Records from a dataset:
- - -
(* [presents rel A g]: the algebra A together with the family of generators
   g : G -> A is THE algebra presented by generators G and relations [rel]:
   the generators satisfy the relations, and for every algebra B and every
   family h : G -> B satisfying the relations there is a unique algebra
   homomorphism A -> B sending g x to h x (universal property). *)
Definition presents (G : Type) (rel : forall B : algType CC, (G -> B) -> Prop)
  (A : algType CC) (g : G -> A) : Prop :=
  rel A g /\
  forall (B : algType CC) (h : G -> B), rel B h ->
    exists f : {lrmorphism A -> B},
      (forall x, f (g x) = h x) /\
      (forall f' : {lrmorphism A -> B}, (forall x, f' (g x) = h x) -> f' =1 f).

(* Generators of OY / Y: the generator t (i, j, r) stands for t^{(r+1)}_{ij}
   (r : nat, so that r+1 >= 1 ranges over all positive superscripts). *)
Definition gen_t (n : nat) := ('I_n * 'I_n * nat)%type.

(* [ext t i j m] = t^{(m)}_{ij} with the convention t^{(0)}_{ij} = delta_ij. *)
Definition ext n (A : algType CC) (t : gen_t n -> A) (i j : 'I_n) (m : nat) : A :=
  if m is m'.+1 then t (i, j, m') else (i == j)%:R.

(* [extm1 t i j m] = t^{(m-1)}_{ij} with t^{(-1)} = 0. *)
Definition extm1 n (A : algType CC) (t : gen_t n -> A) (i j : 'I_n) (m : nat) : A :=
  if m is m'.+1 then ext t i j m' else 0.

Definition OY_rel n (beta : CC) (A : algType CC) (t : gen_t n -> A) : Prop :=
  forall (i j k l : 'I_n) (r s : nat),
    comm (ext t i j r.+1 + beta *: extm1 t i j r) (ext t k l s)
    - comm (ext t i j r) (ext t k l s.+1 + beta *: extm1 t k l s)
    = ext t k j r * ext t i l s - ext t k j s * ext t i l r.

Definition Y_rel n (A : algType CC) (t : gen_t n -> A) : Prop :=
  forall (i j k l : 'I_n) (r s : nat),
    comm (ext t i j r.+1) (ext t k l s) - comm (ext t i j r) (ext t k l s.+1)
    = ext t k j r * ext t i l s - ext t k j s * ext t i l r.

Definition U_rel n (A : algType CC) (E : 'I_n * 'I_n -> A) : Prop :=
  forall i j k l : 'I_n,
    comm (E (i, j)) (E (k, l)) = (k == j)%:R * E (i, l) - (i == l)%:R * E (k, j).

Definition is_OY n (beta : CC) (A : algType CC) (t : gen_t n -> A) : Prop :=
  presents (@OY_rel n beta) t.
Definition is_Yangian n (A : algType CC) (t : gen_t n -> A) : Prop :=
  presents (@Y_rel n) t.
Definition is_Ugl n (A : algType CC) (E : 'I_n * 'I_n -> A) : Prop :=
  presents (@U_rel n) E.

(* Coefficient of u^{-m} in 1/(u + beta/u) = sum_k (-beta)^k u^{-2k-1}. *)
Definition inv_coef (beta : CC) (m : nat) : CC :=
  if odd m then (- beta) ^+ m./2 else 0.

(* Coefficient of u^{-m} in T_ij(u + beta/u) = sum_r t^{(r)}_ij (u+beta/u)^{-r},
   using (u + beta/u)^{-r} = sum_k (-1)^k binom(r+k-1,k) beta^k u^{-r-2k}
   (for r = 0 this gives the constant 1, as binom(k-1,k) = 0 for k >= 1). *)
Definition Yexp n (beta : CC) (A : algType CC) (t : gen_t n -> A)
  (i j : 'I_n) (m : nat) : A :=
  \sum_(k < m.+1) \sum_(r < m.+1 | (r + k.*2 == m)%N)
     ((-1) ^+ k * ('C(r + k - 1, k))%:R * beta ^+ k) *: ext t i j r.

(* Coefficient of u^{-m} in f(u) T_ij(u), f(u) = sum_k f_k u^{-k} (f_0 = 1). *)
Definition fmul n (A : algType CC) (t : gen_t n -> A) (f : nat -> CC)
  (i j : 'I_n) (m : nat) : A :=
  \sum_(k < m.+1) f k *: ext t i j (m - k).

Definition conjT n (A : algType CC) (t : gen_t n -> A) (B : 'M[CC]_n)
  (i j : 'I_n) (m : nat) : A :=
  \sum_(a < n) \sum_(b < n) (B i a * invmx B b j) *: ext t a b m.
- - -
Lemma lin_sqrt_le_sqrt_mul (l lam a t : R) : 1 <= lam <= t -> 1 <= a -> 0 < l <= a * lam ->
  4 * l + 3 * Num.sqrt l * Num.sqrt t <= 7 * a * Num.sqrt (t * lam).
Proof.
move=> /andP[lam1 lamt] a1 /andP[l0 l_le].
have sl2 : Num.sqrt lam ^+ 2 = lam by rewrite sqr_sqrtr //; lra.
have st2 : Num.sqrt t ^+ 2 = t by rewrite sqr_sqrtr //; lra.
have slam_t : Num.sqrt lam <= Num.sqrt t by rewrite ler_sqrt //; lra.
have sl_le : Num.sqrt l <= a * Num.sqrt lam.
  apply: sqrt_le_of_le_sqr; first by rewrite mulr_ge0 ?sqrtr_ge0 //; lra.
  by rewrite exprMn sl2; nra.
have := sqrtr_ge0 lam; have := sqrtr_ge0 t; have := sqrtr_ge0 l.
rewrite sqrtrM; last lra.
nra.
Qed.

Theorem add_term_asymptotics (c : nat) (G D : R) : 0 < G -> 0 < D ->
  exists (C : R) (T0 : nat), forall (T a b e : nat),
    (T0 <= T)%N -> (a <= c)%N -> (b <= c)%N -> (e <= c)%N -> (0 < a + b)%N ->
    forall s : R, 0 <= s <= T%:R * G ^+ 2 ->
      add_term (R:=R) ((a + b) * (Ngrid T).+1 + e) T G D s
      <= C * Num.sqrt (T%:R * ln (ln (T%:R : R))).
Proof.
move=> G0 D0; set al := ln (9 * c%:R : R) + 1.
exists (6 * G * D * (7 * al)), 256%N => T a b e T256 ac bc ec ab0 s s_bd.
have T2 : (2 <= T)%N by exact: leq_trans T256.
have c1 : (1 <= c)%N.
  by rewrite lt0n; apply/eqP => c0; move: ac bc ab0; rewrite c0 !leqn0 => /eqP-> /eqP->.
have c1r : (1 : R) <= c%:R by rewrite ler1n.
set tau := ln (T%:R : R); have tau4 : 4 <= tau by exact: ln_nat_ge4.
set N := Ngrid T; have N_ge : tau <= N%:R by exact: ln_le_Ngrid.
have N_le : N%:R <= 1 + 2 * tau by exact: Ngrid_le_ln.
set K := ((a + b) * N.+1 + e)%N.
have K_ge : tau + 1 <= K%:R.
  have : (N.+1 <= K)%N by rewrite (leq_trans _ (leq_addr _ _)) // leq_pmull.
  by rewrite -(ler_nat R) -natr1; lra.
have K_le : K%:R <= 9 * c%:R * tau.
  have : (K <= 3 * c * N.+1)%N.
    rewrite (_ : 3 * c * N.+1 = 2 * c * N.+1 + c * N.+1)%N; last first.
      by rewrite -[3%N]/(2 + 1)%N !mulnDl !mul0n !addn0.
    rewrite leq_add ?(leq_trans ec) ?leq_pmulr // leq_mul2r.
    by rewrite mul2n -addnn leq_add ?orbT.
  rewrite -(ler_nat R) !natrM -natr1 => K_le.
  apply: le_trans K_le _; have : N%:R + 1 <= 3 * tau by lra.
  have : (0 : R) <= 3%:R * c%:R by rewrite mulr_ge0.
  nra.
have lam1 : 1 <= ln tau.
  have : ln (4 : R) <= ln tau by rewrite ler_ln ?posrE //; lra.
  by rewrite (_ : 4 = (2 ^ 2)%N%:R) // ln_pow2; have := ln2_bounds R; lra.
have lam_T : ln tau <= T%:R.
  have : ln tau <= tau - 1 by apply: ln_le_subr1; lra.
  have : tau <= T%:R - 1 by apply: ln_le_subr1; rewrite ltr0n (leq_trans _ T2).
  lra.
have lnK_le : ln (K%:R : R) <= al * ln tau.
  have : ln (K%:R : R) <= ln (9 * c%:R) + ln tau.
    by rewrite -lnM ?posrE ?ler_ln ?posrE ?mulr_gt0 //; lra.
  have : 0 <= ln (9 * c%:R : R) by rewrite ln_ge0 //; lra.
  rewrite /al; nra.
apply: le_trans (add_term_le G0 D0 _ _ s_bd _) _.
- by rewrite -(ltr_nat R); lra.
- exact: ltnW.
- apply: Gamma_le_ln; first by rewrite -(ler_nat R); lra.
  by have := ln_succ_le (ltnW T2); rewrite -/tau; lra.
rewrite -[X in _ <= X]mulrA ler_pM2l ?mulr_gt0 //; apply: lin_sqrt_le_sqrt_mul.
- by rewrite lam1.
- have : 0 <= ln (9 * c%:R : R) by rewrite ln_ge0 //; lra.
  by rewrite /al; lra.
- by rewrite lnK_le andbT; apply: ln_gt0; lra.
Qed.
- - -
Write out every line of the entries that holds the word "exact".

Output of the task:
have T2 : (2 <= T)%N by exact: leq_trans T256.
set tau := ln (T%:R : R); have tau4 : 4 <= tau by exact: ln_nat_ge4.
set N := Ngrid T; have N_ge : tau <= N%:R by exact: ln_le_Ngrid.
have N_le : N%:R <= 1 + 2 * tau by exact: Ngrid_le_ln.
- exact: ltnW.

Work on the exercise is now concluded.